Watching The Duke of Burgundy was a pleasure, albeit an unexpected one: for one thing, I didn’t expect an all-female film depicting a sado-masochistic relationship between two lepidopterologists to be so relatable, for another I didn’t expect to laugh out loud at a sly yet strangely sweet joke concerning urophilia. Berberian Sound Studio, the previous film by director-writer Peter Strickland, intrigued and unsettled me in equal measure, but at the same time it didn’t much engage me emotionally. In spite of a typically strong performance by Toby Jones, it struck me primarily as an exercise in style, atmosphere and genre – and one, at that, whose intended audience didn’t really include me, as my knowledge of Giallo is slight.

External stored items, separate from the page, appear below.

(* Let $N,T\ge1$. Let $\bar{\boldsymbol{\Psi}}_{\mathrm{id}}=\mathrm{diag}(\bar\psi_{\mathrm{id},1},\dots,\bar\psi_{\mathrm{id},N})$ with all $\bar\psi_{\mathrm{id},i}>0$, let $\bar\psi_{\mathrm{f},1}>0$, let $\mathbf{w}_1\in\mathbb{R}^N\setminus\{\mathbf{0}\}$, let $\theta\in[0,1]$, and let $\alpha_1,\dots,\alpha_T>0$, $\beta_1,\dots,\beta_T>0$ with $\sum_t\alpha_t=\sum_t\beta_t=1$. For a nonzero $\mathbf{x}_0\in\mathbb{R}^N$ define $$\Upsilon(\mathbf{x}_0)=\frac{\sum_{t=1}^T(\alpha_t(1-\theta)+\beta_t\theta)^2\,\mathbf{x}_0^\top\left(\alpha_t\bar{\boldsymbol{\Psi}}_{\mathrm{id}}+\beta_t\bar\psi_{\mathrm{f},1}\mathbf{w}_1\mathbf{w}_1^\top\right)^{-1}\mathbf{x}_0}{\mathbf{x}_0^\top\left(\bar{\boldsymbol{\Psi}}_{\mathrm{id}}+\bar\psi_{\mathrm{f},1}\mathbf{w}_1\mathbf{w}_1^\top\right)^{-1}\mathbf{x}_0}.$$ Let $\gamma_t=\beta_t/\alpha_t$, $\eta_1=\bar\psi_{\mathrm{f},1}\mathbf{w}_1^\top\bar{\boldsymbol{\Psi}}_{\mathrm{id}}^{-1}\mathbf{w}_1$, and $\Delta=\sum_{t=1}^T\frac{\alpha_t(1-\theta(1-\gamma_t))^2(1-\gamma_t)}{1+\eta_1\gamma_t}$. Then $$\Upsilon(\mathbf{x}_0)=1+\theta^2\Big(\sum_{t=1}^T\frac{\beta_t^2}{\alpha_t}-1\Big)+\Delta\cdot\left(\frac{\mathbf{x}_0^\top\bar{\boldsymbol{\Psi}}_{\mathrm{id}}^{-1}\mathbf{x}_0}{(\mathbf{w}_1^\top\bar{\boldsymbol{\Psi}}_{\mathrm{id}}^{-1}\mathbf{x}_0)^2}\cdot\frac{1+\eta_1}{\bar\psi_{\mathrm{f},1}}-1\right)^{-1},$$ where the last term is interpreted as $0$ when $\mathbf{w}_1^\top\bar{\boldsymbol{\Psi}}_{\mathrm{id}}^{-1}\mathbf{x}_0=0$.
   Context: Single index fund setting: time-$t$ price impact matrix $\mathbf{G}_t=\left(\alpha_t\bar{\boldsymbol{\Psi}}_{\mathrm{id}}+\beta_t\bar\psi_{\mathrm{f},1}\mathbf{w}_1\mathbf{w}_1^\top\right)^{-1}$, expected cost of a schedule $(\mathbf{v}_t)$ is $\sum_t\tfrac12\mathbf{v}_t^\top\mathbf{G}_t\mathbf{v}_t$. The numerator of $\Upsilon$ (times $\tfrac12$) is the cost of the separable schedule $\mathbf{v}_t^{\mathrm{sep}}=(\alpha_t(1-\theta)+\beta_t\theta)\mathbf{x}_0$, and the denominator (times $\tfrac12$) is the minimal cost of liquidating $\mathbf{x}_0$ subject to $\sum_t\mathbf{v}_t=\mathbf{x}_0$. $\theta$ is the fraction of traded volume attributable to index-fund investors. *)

From mathcomp Require Import all_boot all_order all_algebra.
Set Implicit Arguments. Unset Strict Implicit. Unset Printing Implicit Defensive.
Import Order.TTheory GRing.Theory Num.Theory.
Local Open Scope ring_scope.

Definition qform (R : comNzRingType) (N : nat) (x : 'cV[R]_N) (A : 'M[R]_N)
  (y : 'cV[R]_N) : R := (x^T *m A *m y) ord0 ord0.

Definition Psi_id (R : comNzRingType) (N : nat) (psi : 'I_N -> R) : 'M[R]_N :=
  diag_mx (\row_i psi i).

Definition Gmat (R : comUnitRingType) (N : nat) (psi : 'I_N -> R) (psif : R)
  (w : 'cV[R]_N) (a b : R) : 'M[R]_N :=
  invmx (a *: Psi_id psi + (b * psif) *: (w *m w^T)).

Definition Upsilon (R : fieldType) (N T : nat) (psi : 'I_N -> R) (psif : R)
  (w : 'cV[R]_N) (theta : R) (alpha beta : 'I_T -> R) (x0 : 'cV[R]_N) : R :=
  (\sum_(t < T) (alpha t * (1 - theta) + beta t * theta) ^+ 2
       * qform x0 (Gmat psi psif w (alpha t) (beta t)) x0)
  / qform x0 (Gmat psi psif w 1 1) x0.

From mathcomp Require Import all_boot all_order all_algebra.
From mathcomp Require Import ring lra.
Set Implicit Arguments. Unset Strict Implicit. Unset Printing Implicit Defensive.
Import Order.TTheory GRing.Theory Num.Theory.
Local Open Scope ring_scope.

(* Sherman-Morrison reduces every quadratic form in the statement to the
   scalars [q = x0^T Psi^-1 x0], [s = w^T Psi^-1 w] and [c = w^T Psi^-1 x0]:
   [x0^T G(a, b) x0 = q / a - b psif c^2 / (a (a + b psif s))].  Put
   [m_t = alpha_t (1 - theta) + beta_t theta] and
   [kappa = psif c^2 / (1 + psif s)].  Then the [t]-th numerator term is
   [(q - kappa) m_t^2 / alpha_t] plus [kappa] times the [t]-th summand of
   [Delta], and the denominator is [q - kappa], which is positive by
   Cauchy-Schwarz for the inner product [Psi^-1].  Since the [alpha_t] and the
   [beta_t] both sum to one,
   [sum_t m_t^2 / alpha_t = 1 + theta^2 (sum_t beta_t^2 / alpha_t - 1)], and
   [kappa / (q - kappa)], which vanishes with [c], is the inverse of the
   bracket multiplying [Delta]. *)

Lemma mulmx1_invmx (R : comUnitRingType) n (A B : 'M[R]_n) :
  A *m B = 1%:M -> invmx A = B.
Proof.
move=> AB; have [uA _] := mulmx1_unit AB.
by rewrite -[invmx A]mulmx1 -AB mulmxA mulVmx // mul1mx.
Qed.

Lemma diag_mx_mulV (R : fieldType) n (d : 'I_n -> R) :
  (forall i, d i != 0) -> diag_mx (\row_i d i) *m diag_mx (\row_i (d i)^-1) = 1%:M.
Proof.
move=> d_neq0; rewrite mulmx_diag -diag_const_mx; congr diag_mx; apply/rowP => i.
by rewrite !mxE mulfV.
Qed.

Section QuadraticForm.
Variables (R : comNzRingType) (n : nat).
Implicit Types (x y z : 'cV[R]_n) (A B : 'M[R]_n).

Lemma qformDm x A B y : qform x (A + B) y = qform x A y + qform x B y.
Proof. by rewrite /qform mulmxDr mulmxDl mxE. Qed.

Lemma qformNm x A y : qform x (- A) y = - qform x A y.
Proof. by rewrite /qform mulmxN mulNmx mxE. Qed.

Lemma qformZm x k A y : qform x (k *: A) y = k * qform x A y.
Proof. by rewrite /qform -scalemxAr -scalemxAl mxE. Qed.

Lemma qform_linearl a b x y A z :
  qform (a *: x + b *: y) A z = a * qform x A z + b * qform y A z.
Proof.
by rewrite /qform linearD !linearZ /= !mulmxDl -!scalemxAl mxE !mxE.
Qed.

Lemma qform_linearr a b x y A z :
  qform z A (a *: x + b *: y) = a * qform z A x + b * qform z A y.
Proof. by rewrite /qform mulmxDr -!scalemxAr mxE !mxE. Qed.

Lemma qform_tr x A y : qform x A y = qform y A^T x.
Proof. by rewrite /qform -[in RHS](trmxK x) -!trmx_mul [RHS]mxE mulmxA. Qed.

Lemma qform_outer x A u y :
  qform x (A *m u *m (u^T *m A)) y = qform x A u * qform u A y.
Proof.
rewrite /qform !mulmxA.
have -> : x^T *m A *m u *m u^T *m A *m y = (x^T *m A *m u) *m (u^T *m A *m y).
  by rewrite !mulmxA.
by rewrite mxE big_ord1.
Qed.

Lemma qform_diag x (d : 'rV[R]_n) y :
  qform x (diag_mx d) y = \sum_i x i 0 * d 0 i * y i 0.
Proof. by rewrite /qform mul_mx_diag mxE; apply: eq_bigr => i _; rewrite !mxE. Qed.

End QuadraticForm.

Section PositiveDefinite.
Variables (R : realDomainType) (n : nat).
Implicit Types (x w : 'cV[R]_n) (A : 'M[R]_n).

Definition posdef_mx A := forall x, x != 0 -> 0 < qform x A x.

Lemma qform0l A y : qform 0 A y = 0 :> R.
Proof. by rewrite /qform trmx0 !mul0mx mxE. Qed.

Lemma posdef_qform_ge0 A x : posdef_mx A -> 0 <= qform x A x.
Proof.
move=> A_pd; have [->|x_neq0] := eqVneq x 0; first by rewrite qform0l.
exact/ltW/A_pd.
Qed.

Lemma posdef_diag (d : 'rV[R]_n) : (forall i, 0 < d 0 i) -> posdef_mx (diag_mx d).
Proof.
move=> d_gt0 x x_neq0; rewrite qform_diag.
have term_ge0 i : 0 <= x i 0 * d 0 i * x i 0.
  by rewrite mulrAC -expr2 mulr_ge0 ?sqr_ge0 ?ltW.
rewrite lt_def sumr_ge0 ?andbT // psumr_neq0 //; apply/hasP.
have [i xi_neq0] : exists i, x i 0 != 0.
  apply/existsP; apply: contraR x_neq0 => /existsPn x0.
  by apply/eqP/matrixP => i j; rewrite (ord1 j) mxE; exact/eqP/negPn/x0.
exists i; first by rewrite mem_index_enum.
by rewrite mulrAC -expr2 mulr_gt0 ?exprn_even_gt0 ?xi_neq0 ?orbT.
Qed.

(* Expand the nonnegative [qform v A v] at [v = s x - c w]. *)
Lemma qform_CauchySchwarz A x w : A^T = A -> posdef_mx A ->
  qform w A x ^+ 2 <= qform x A x * qform w A w.
Proof.
move=> A_sym A_pd; have [->|w_neq0] := eqVneq w 0.
  by rewrite !qform0l expr0n mulr0.
set q := qform x A x; set s := qform w A w; set c := qform w A x.
have xw : qform x A w = c by rewrite qform_tr A_sym.
have s_gt0 : 0 < s := A_pd w w_neq0.
have := posdef_qform_ge0 (s *: x + (- c) *: w) A_pd.
rewrite !(qform_linearl, qform_linearr) -/q -/s -/c xw.
have -> : s * (s * q + - c * c) + - c * (s * c + - c * s) = s * (q * s - c ^+ 2).
  by ring.
by rewrite pmulr_rge0 // subr_ge0.
Qed.

End PositiveDefinite.

Section ShermanMorrison.
Variables (R : fieldType) (n : nat) (P A : 'M[R]_n) (w : 'cV[R]_n) (a k : R).
Hypotheses (PA : P *m A = 1%:M) (a_neq0 : a != 0)
  (den_neq0 : a + k * qform w A w != 0).

Lemma invmx_rank1_update :
  invmx (a *: P + k *: (w *m w^T)) =
  a^-1 *: A - (k / (a * (a + k * qform w A w))) *: (A *m w *m (w^T *m A)).
Proof.
apply: mulmx1_invmx; set s := qform w A w; set l := k / _.
have PAwwA : P *m (A *m w *m (w^T *m A)) = w *m (w^T *m A).
  by rewrite !mulmxA PA mul1mx.
have wwA : w *m w^T *m A = w *m (w^T *m A) by rewrite mulmxA.
have wwAwwA : w *m w^T *m (A *m w *m (w^T *m A)) = s *: (w *m (w^T *m A)).
  have -> : w *m w^T *m (A *m w *m (w^T *m A)) = w *m (w^T *m A *m w) *m (w^T *m A).
    by rewrite !mulmxA.
  by rewrite [w^T *m A *m w]mx11_scalar mul_mx_scalar -scalemxAl.
rewrite mulmxDl !mulmxBr -!scalemxAl -!scalemxAr !scalerA PA PAwwA wwA wwAwwA.
rewrite scalerA mulfV // scale1r -scalerBl -addrA -scaleNr -scalerDl.
have -> : - (a * l) + (k / a - k * l * s) = 0.
  by rewrite /l; field; rewrite a_neq0 den_neq0.
by rewrite scale0r addr0.
Qed.

Lemma qform_invmx_rank1_update x y :
  qform x (invmx (a *: P + k *: (w *m w^T))) y =
  a^-1 * qform x A y
  - k / (a * (a + k * qform w A w)) * (qform x A w * qform w A y).
Proof. by rewrite invmx_rank1_update qformDm qformNm !qformZm qform_outer. Qed.

End ShermanMorrison.

Lemma sum_mix_sq_div (F : fieldType) T (alpha beta : 'I_T -> F) (theta : F) :
  (forall t, alpha t != 0) ->
  \sum_(t < T) alpha t = 1 -> \sum_(t < T) beta t = 1 ->
  \sum_(t < T) (alpha t * (1 - theta) + beta t * theta) ^+ 2 / alpha t =
  1 + theta ^+ 2 * (\sum_(t < T) beta t ^+ 2 / alpha t - 1).
Proof.
move=> alpha_neq0 sum_alpha sum_beta.
rewrite (eq_bigr (fun t => (1 - theta) ^+ 2 * alpha t
    + 2 * (1 - theta) * theta * beta t + theta ^+ 2 * (beta t ^+ 2 / alpha t))).
  by rewrite !big_split /= -!mulr_sumr sum_alpha sum_beta; ring.
by move=> t _; field.
Qed.

Lemma mix_sq_rank1_split (F : fieldType) (a b theta q c f s : F) :
  a != 0 -> 1 + f * s != 0 -> a + b * f * s != 0 ->
  let kappa := f * c ^+ 2 / (1 + f * s) in
  (a * (1 - theta) + b * theta) ^+ 2
    * (a^-1 * q - b * f / (a * (a + b * f * s)) * c ^+ 2) =
  (q - kappa) * ((a * (1 - theta) + b * theta) ^+ 2 / a)
  + kappa * (a * (1 - theta * (1 - b / a)) ^+ 2 * (1 - b / a)
             / (1 + f * s * (b / a))).
Proof.
move=> a_neq0 den1_neq0 den_neq0 kappa; rewrite /kappa; field.
by rewrite a_neq0 den1_neq0 [f * s * b]mulrC mulrA den_neq0.
Qed.

Lemma rank1_ratio_split (F : fieldType) (S Delta q c f eta : F) :
  f != 0 -> 1 + eta != 0 ->
  let kappa := f * c ^+ 2 / (1 + eta) in
  q - kappa != 0 ->
  ((q - kappa) * S + kappa * Delta) / (q - kappa) =
  S + (if c == 0 then 0 else Delta * (q / c ^+ 2 * ((1 + eta) / f) - 1)^-1).
Proof.
rewrite /= => f_neq0 eta_neq0 den_neq0; rewrite mulrDl mulrAC divff // mul1r.
have [->|c_neq0] := eqVneq c 0; first by rewrite expr0n mulr0 !mul0r addr0.
congr (_ + _); field.
have -> : q * (1 + eta) + -1 * (c ^+ 2 * f) = (q - f * c ^+ 2 / (1 + eta)) * (1 + eta).
  by field.
by rewrite f_neq0 c_neq0 mulf_neq0.
Qed.

Lemma rank1_denom_gt0 (R : realFieldType) (q c f s : R) :
  0 < q -> 0 <= f -> 0 <= s -> c ^+ 2 <= q * s ->
  0 < q - f * c ^+ 2 / (1 + f * s).
Proof.
move=> q_gt0 f_ge0 s_ge0 cs.
have fs_ge0 : 0 <= f * s by rewrite mulr_ge0.
have -> : q - f * c ^+ 2 / (1 + f * s) = (q + f * (q * s - c ^+ 2)) / (1 + f * s).
  by field; rewrite gt_eqF //; lra.
by rewrite divr_gt0 ?ltr_wpDr ?mulr_ge0 ?subr_ge0 //; lra.
Qed.

Section PriceImpact.
Variables (R : realFieldType) (N : nat) (psi : 'I_N -> R) (psif : R) (w : 'cV[R]_N).
Hypotheses (psi_gt0 : forall i, 0 < psi i) (psif_gt0 : 0 < psif).

Let psi_neq0 i : psi i != 0. Proof. by rewrite gt_eqF. Qed.

Lemma invmx_Psi_id : invmx (Psi_id psi) = diag_mx (\row_i (psi i)^-1).
Proof. exact/mulmx1_invmx/diag_mx_mulV. Qed.

Lemma invmx_Psi_id_sym : (invmx (Psi_id psi))^T = invmx (Psi_id psi).
Proof. by rewrite invmx_Psi_id tr_diag_mx. Qed.

Lemma posdef_invmx_Psi_id : posdef_mx (invmx (Psi_id psi)).
Proof. by rewrite invmx_Psi_id; apply: posdef_diag => i; rewrite mxE invr_gt0. Qed.

Lemma qform_Gmat x a b : 0 < a -> 0 <= b ->
  let Pinv := invmx (Psi_id psi) in
  qform x (Gmat psi psif w a b) x =
  a^-1 * qform x Pinv x
  - b * psif / (a * (a + b * psif * qform w Pinv w)) * qform w Pinv x ^+ 2.
Proof.
move=> a_gt0 b_ge0 Pinv.
have PPinv : Psi_id psi *m Pinv = 1%:M by rewrite /Pinv invmx_Psi_id diag_mx_mulV.
have s_ge0 : 0 <= qform w Pinv w := posdef_qform_ge0 w posdef_invmx_Psi_id.
rewrite (qform_invmx_rank1_update PPinv) ?gt_eqF ?ltr_wpDr ?mulr_ge0 ?(ltW psif_gt0) //.
by rewrite [qform x Pinv w]qform_tr invmx_Psi_id_sym expr2.
Qed.

End PriceImpact.

Theorem proposition5 (R : realFieldType) (N T : nat)
  (hN : (1 <= N)%N) (hT : (1 <= T)%N)
  (psi : 'I_N -> R) (hpsi : forall i, 0 < psi i)
  (psif : R) (hpsif : 0 < psif)
  (w : 'cV[R]_N) (hw : w != 0)
  (theta : R) (htheta0 : 0 <= theta) (htheta1 : theta <= 1)
  (alpha beta : 'I_T -> R)
  (halpha : forall t, 0 < alpha t) (hbeta : forall t, 0 < beta t)
  (hsa : \sum_(t < T) alpha t = 1) (hsb : \sum_(t < T) beta t = 1)
  (x0 : 'cV[R]_N) (hx0 : x0 != 0) :
  let Pinv := invmx (Psi_id psi) in
  let gamma := fun t => beta t / alpha t in
  let eta1 := psif * qform w Pinv w in
  let Delta := \sum_(t < T)
      alpha t * (1 - theta * (1 - gamma t)) ^+ 2 * (1 - gamma t)
        / (1 + eta1 * gamma t) in
  let c := qform w Pinv x0 in
  Upsilon psi psif w theta alpha beta x0 =
    1 + theta ^+ 2 * (\sum_(t < T) beta t ^+ 2 / alpha t - 1)
      + (if c == 0 then 0
         else Delta * (qform x0 Pinv x0 / c ^+ 2 * ((1 + eta1) / psif) - 1)^-1).
Proof.
move=> Pinv gamma eta1 Delta c.
have q_gt0 : 0 < qform x0 Pinv x0 := posdef_invmx_Psi_id hpsi hx0.
have s_ge0 : 0 <= qform w Pinv w := posdef_qform_ge0 w (posdef_invmx_Psi_id hpsi).
have cs : c ^+ 2 <= qform x0 Pinv x0 * qform w Pinv w.
  exact: qform_CauchySchwarz (invmx_Psi_id_sym hpsi) (posdef_invmx_Psi_id hpsi).
have eta1_neq0 : 1 + eta1 != 0.
  by rewrite /eta1 gt_eqF // ltr_wpDr ?ltr01 ?mulr_ge0 ?(ltW hpsif).
have alpha_neq0 t : alpha t != 0 by rewrite gt_eqF.
have den_neq0 t : alpha t + beta t * psif * qform w Pinv w != 0.
  by rewrite gt_eqF // ltr_wpDr ?mulr_ge0 ?(ltW hpsif) ?(ltW (hbeta t)).
set q := qform x0 Pinv x0 in q_gt0 cs *.
set kappa := psif * c ^+ 2 / (1 + eta1).
have split_term t :
    (alpha t * (1 - theta) + beta t * theta) ^+ 2
      * qform x0 (Gmat psi psif w (alpha t) (beta t)) x0 =
    (q - kappa) * ((alpha t * (1 - theta) + beta t * theta) ^+ 2 / alpha t)
    + kappa * (alpha t * (1 - theta * (1 - gamma t)) ^+ 2 * (1 - gamma t)
               / (1 + eta1 * gamma t)).
  by rewrite qform_Gmat ?ltW // mix_sq_rank1_split.
have denominator : qform x0 (Gmat psi psif w 1 1) x0 = q - kappa.
  by rewrite qform_Gmat // invr1 !mul1r mulrAC.
have den_gt0 : 0 < q - kappa := rank1_denom_gt0 q_gt0 (ltW hpsif) s_ge0 cs.
rewrite /Upsilon (eq_bigr _ (fun t _ => split_term t)) big_split /= -!mulr_sumr.
by rewrite sum_mix_sq_div // denominator rank1_ratio_split ?(gt_eqF hpsif) ?(gt_eqF den_gt0).
Qed.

The Duke of Burgundy is clearly a Strickland film, using many of the same stylistic means as Berberian Sound Studio, such as genre pastiche, a dreamlike quality in which reality is no longer clearly distinguishable, and a dense, non-representational audio design. At the same time, it is arguably a sweeter film, and definitely a more relatable (though definitely not more mainstream) one, even if it plays in a world that is seemingly devoid of men and in which it is hinted that most if not all people are heavily into butterflies and S&M. It may not be as unsettling as Berberian Sound Studio‘s meta Moebius strip, and I’m sure there will be audiences that prefer the creepy mind games of the earlier film, but in the end I’m a sucker for characters I can care about. (It’s probably why I will always choose Truffaut over Godard.)
In its ’60s-pastiche title sequence and first few scenes, The Duke of Burgundy comes across as similarly distancing and preoccupied with matters of style and atmosphere, as mistress Cynthia (Sidse Babett Knudsen) and maid Evelyn (Chiara D’Anna) introduce us to their routine of dominance and submission. The roles seem to be very clearly distributed, with Evelyn answering to each of Cynthia’s commands and being punished for the most minor, and most likely imaginary, failure to live up to the older woman’s strict standards. Things are not as they seem, though, and in their relationship it is Evelyn who dominates, at least in sexual terms: she scripts Cynthia’s dominant role quite literally, writing out lines for her that Cynthia has to learn by heart, and she criticises her when the details of her performance are lacking in just the right kind of strictness. Cynthia’s dominant performance, meanwhile, belies her insecurity: it is clear that she would enjoy regular sex and the occasional bit of snuggling over the dom-sub much more than this elaborate roleplay in which she is required to be someone she is not, even if it is for the woman she loves.
This is where the heart of the film lies: in the tension between what we want ourselves, as partners and as lovers and what we do to please the other. The games of submission and dominance turn more serious, though even as Cynthia and Evelyn become more hurtful towards each other as they begin to feel cornered and constrained by the others’ desires, there is humour, as in a scene where Cynthia is first crestfallen, when she realises that the bed/oubliette combo she wishes to get for her birthday won’t be ready in time, and then elated when she hears that the sexy blonde carpenter may just have something called a ‘human toilet’ on offer. By means of its humour and its two central performances things that would seem outré becomes no stranger than the games even the most vanilla of us play in our relationships. How far are we willing to go to make those we love happy? How quickly can we start to resent them for the compromises we’ve freely chosen to make? At the end of The Duke of Burgundy, we seem to return to the beginning: has the lovers’ hurtful struggle for dominance ended and have they found a balance between each others’ needs that allows them to give each other what they need? Or are they bound to repeat the same mistakes over and over? If so, who will be punished for it – and will they enjoy it?